**REQUIRED WORK**. Could you return the lines below exactly, from the first line up to and including the line that holds "destruct (von_neumann_decomposition D T Hop Hcl Hsym g"?
───── MATERIAL TO PROCESS
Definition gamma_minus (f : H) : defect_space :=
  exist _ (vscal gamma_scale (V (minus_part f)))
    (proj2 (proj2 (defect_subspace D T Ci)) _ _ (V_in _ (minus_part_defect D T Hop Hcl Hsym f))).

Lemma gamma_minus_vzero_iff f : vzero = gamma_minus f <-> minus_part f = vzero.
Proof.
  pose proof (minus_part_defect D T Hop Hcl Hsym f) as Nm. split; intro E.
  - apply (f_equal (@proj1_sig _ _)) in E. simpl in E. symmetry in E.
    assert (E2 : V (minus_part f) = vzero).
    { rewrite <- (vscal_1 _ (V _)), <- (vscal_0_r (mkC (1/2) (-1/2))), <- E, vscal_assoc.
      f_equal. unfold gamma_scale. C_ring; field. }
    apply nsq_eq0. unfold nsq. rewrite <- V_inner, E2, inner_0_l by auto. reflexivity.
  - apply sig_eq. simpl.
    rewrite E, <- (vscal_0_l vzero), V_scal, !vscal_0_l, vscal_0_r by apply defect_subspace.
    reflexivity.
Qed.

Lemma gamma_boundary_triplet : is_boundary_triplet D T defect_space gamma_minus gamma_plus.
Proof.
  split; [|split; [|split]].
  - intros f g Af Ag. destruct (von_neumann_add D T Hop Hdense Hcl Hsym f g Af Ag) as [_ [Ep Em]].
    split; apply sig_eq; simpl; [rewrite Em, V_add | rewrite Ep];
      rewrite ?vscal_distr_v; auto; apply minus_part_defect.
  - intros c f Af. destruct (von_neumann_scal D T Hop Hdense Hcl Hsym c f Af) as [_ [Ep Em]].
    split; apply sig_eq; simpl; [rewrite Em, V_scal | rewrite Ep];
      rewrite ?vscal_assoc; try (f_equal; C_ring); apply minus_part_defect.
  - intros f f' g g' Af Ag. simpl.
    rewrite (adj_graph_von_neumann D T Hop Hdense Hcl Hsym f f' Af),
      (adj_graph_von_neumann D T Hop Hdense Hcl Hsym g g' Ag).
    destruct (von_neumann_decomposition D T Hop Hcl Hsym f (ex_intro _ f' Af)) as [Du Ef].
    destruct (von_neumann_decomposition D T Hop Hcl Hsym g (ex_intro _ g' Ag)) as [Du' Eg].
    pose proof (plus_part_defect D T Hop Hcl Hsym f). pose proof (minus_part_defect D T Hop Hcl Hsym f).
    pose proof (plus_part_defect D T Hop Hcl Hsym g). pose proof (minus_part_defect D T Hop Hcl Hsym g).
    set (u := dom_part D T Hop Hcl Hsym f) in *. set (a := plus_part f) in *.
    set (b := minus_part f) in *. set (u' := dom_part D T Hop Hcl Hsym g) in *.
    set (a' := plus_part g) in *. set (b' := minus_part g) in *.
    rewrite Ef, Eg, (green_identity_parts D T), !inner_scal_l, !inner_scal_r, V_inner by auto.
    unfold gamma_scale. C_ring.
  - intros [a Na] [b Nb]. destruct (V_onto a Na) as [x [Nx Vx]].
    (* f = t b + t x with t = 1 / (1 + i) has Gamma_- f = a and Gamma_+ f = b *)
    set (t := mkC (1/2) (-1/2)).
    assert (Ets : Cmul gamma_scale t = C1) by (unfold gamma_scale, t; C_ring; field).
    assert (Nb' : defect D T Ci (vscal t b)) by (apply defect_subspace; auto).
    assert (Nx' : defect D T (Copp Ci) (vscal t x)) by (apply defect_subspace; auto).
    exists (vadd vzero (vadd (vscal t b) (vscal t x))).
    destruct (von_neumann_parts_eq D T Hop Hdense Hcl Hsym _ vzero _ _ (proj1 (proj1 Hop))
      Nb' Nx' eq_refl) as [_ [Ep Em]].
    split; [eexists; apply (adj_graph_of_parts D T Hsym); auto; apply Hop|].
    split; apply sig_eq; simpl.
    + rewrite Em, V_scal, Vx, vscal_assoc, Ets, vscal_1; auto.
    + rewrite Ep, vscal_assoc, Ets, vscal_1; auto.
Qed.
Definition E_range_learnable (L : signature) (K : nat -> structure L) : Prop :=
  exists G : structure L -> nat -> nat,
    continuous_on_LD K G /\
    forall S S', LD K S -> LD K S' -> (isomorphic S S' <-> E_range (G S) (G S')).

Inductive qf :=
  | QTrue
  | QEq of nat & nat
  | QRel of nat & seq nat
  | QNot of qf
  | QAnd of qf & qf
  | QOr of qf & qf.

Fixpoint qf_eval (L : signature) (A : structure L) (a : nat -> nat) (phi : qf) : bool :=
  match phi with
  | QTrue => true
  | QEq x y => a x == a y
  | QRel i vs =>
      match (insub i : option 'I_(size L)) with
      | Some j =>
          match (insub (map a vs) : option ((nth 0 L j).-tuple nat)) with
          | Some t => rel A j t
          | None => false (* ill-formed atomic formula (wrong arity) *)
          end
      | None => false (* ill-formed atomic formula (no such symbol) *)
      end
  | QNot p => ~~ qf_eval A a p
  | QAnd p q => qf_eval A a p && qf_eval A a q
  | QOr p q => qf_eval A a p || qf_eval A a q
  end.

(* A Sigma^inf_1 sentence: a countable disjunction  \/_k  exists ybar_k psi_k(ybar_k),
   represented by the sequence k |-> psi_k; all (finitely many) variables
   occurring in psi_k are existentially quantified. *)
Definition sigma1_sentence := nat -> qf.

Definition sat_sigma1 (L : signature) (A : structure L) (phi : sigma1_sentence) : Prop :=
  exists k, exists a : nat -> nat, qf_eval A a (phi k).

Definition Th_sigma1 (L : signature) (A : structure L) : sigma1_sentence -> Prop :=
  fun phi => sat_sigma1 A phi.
──────────
**YOUR RESPONSE**.
Definition gamma_minus (f : H) : defect_space :=
  exist _ (vscal gamma_scale (V (minus_part f)))
    (proj2 (proj2 (defect_subspace D T Ci)) _ _ (V_in _ (minus_part_defect D T Hop Hcl Hsym f))).

Lemma gamma_minus_vzero_iff f : vzero = gamma_minus f <-> minus_part f = vzero.
Proof.
  pose proof (minus_part_defect D T Hop Hcl Hsym f) as Nm. split; intro E.
  - apply (f_equal (@proj1_sig _ _)) in E. simpl in E. symmetry in E.
    assert (E2 : V (minus_part f) = vzero).
    { rewrite <- (vscal_1 _ (V _)), <- (vscal_0_r (mkC (1/2) (-1/2))), <- E, vscal_assoc.
      f_equal. unfold gamma_scale. C_ring; field. }
    apply nsq_eq0. unfold nsq. rewrite <- V_inner, E2, inner_0_l by auto. reflexivity.
  - apply sig_eq. simpl.
    rewrite E, <- (vscal_0_l vzero), V_scal, !vscal_0_l, vscal_0_r by apply defect_subspace.
    reflexivity.
Qed.

Lemma gamma_boundary_triplet : is_boundary_triplet D T defect_space gamma_minus gamma_plus.
Proof.
  split; [|split; [|split]].
  - intros f g Af Ag. destruct (von_neumann_add D T Hop Hdense Hcl Hsym f g Af Ag) as [_ [Ep Em]].
    split; apply sig_eq; simpl; [rewrite Em, V_add | rewrite Ep];
      rewrite ?vscal_distr_v; auto; apply minus_part_defect.
  - intros c f Af. destruct (von_neumann_scal D T Hop Hdense Hcl Hsym c f Af) as [_ [Ep Em]].
    split; apply sig_eq; simpl; [rewrite Em, V_scal | rewrite Ep];
      rewrite ?vscal_assoc; try (f_equal; C_ring); apply minus_part_defect.
  - intros f f' g g' Af Ag. simpl.
    rewrite (adj_graph_von_neumann D T Hop Hdense Hcl Hsym f f' Af),
      (adj_graph_von_neumann D T Hop Hdense Hcl Hsym g g' Ag).
    destruct (von_neumann_decomposition D T Hop Hcl Hsym f (ex_intro _ f' Af)) as [Du Ef].
    destruct (von_neumann_decomposition D T Hop Hcl Hsym g (ex_intro _ g' Ag)) as [Du' Eg].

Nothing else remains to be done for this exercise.